## Required work
Within the material below, locate the line with "by subst; auto." and the line with "c = F x + F y.", then return those two lines and all lines between them, exactly as written.
■ ■ ■ ■ ■ ■ ■
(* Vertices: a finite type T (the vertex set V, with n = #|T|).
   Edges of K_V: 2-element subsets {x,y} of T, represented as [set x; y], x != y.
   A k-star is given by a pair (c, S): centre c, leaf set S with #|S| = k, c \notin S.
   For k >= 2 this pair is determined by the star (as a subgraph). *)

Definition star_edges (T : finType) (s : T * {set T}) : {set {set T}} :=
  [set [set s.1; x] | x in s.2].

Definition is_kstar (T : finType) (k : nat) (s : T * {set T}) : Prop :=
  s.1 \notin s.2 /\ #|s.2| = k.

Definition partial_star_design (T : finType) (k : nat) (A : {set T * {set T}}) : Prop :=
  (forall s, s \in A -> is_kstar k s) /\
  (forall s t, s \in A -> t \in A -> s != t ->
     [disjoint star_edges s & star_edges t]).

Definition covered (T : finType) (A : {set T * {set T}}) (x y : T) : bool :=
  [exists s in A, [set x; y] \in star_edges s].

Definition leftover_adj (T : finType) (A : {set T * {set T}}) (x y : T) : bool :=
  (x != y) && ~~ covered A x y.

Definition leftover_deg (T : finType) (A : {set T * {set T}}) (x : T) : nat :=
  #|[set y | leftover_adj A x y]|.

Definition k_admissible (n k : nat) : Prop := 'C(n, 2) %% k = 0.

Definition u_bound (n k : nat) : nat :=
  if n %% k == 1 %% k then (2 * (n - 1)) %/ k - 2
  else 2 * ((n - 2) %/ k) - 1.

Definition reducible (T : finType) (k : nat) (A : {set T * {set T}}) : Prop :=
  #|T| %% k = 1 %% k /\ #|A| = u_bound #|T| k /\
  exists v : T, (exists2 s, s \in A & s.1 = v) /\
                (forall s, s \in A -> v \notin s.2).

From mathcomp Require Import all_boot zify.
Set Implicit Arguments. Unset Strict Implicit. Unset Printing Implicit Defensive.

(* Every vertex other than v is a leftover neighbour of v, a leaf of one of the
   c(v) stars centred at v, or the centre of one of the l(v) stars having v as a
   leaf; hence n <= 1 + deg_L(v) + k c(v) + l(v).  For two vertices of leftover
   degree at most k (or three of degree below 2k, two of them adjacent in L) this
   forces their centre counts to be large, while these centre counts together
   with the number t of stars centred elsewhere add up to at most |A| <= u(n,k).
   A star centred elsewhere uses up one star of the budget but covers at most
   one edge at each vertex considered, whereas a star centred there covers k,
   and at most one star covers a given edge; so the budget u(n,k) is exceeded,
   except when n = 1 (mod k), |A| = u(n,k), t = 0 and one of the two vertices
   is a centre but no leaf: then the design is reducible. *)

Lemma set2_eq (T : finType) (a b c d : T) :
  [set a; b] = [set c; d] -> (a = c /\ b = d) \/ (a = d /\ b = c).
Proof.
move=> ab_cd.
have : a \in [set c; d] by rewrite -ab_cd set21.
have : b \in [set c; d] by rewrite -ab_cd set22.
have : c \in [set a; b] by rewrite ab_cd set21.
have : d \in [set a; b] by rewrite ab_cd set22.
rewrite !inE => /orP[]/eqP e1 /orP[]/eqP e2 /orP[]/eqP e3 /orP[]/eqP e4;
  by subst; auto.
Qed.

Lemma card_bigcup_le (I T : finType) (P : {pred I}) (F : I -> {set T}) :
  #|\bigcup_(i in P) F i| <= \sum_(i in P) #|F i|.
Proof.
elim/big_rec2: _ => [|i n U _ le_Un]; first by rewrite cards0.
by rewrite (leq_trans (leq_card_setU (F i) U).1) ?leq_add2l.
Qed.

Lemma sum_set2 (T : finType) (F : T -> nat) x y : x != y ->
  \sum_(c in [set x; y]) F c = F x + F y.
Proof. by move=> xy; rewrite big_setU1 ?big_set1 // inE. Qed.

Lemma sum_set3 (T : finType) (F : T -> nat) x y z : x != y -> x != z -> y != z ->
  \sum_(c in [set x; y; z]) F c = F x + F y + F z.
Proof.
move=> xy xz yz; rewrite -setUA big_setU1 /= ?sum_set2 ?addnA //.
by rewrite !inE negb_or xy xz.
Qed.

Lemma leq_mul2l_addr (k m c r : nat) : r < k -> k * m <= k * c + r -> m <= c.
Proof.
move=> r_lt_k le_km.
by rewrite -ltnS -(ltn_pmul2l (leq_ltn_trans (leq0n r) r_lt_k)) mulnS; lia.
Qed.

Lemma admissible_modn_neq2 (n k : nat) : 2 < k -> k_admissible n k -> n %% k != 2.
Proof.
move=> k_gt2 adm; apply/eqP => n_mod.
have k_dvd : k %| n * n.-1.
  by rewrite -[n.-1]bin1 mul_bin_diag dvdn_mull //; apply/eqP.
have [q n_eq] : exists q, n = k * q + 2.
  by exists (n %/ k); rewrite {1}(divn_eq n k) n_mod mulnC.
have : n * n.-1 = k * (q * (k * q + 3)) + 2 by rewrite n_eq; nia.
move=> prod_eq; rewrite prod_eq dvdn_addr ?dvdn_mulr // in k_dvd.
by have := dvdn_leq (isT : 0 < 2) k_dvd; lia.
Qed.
■ ■ ■ ■ ■ ■ ■
## Problem solution
  by subst; auto.
Qed.

Lemma card_bigcup_le (I T : finType) (P : {pred I}) (F : I -> {set T}) :
  #|\bigcup_(i in P) F i| <= \sum_(i in P) #|F i|.
Proof.
elim/big_rec2: _ => [|i n U _ le_Un]; first by rewrite cards0.
by rewrite (leq_trans (leq_card_setU (F i) U).1) ?leq_add2l.
Qed.

Lemma sum_set2 (T : finType) (F : T -> nat) x y : x != y ->
  \sum_(c in [set x; y]) F c = F x + F y.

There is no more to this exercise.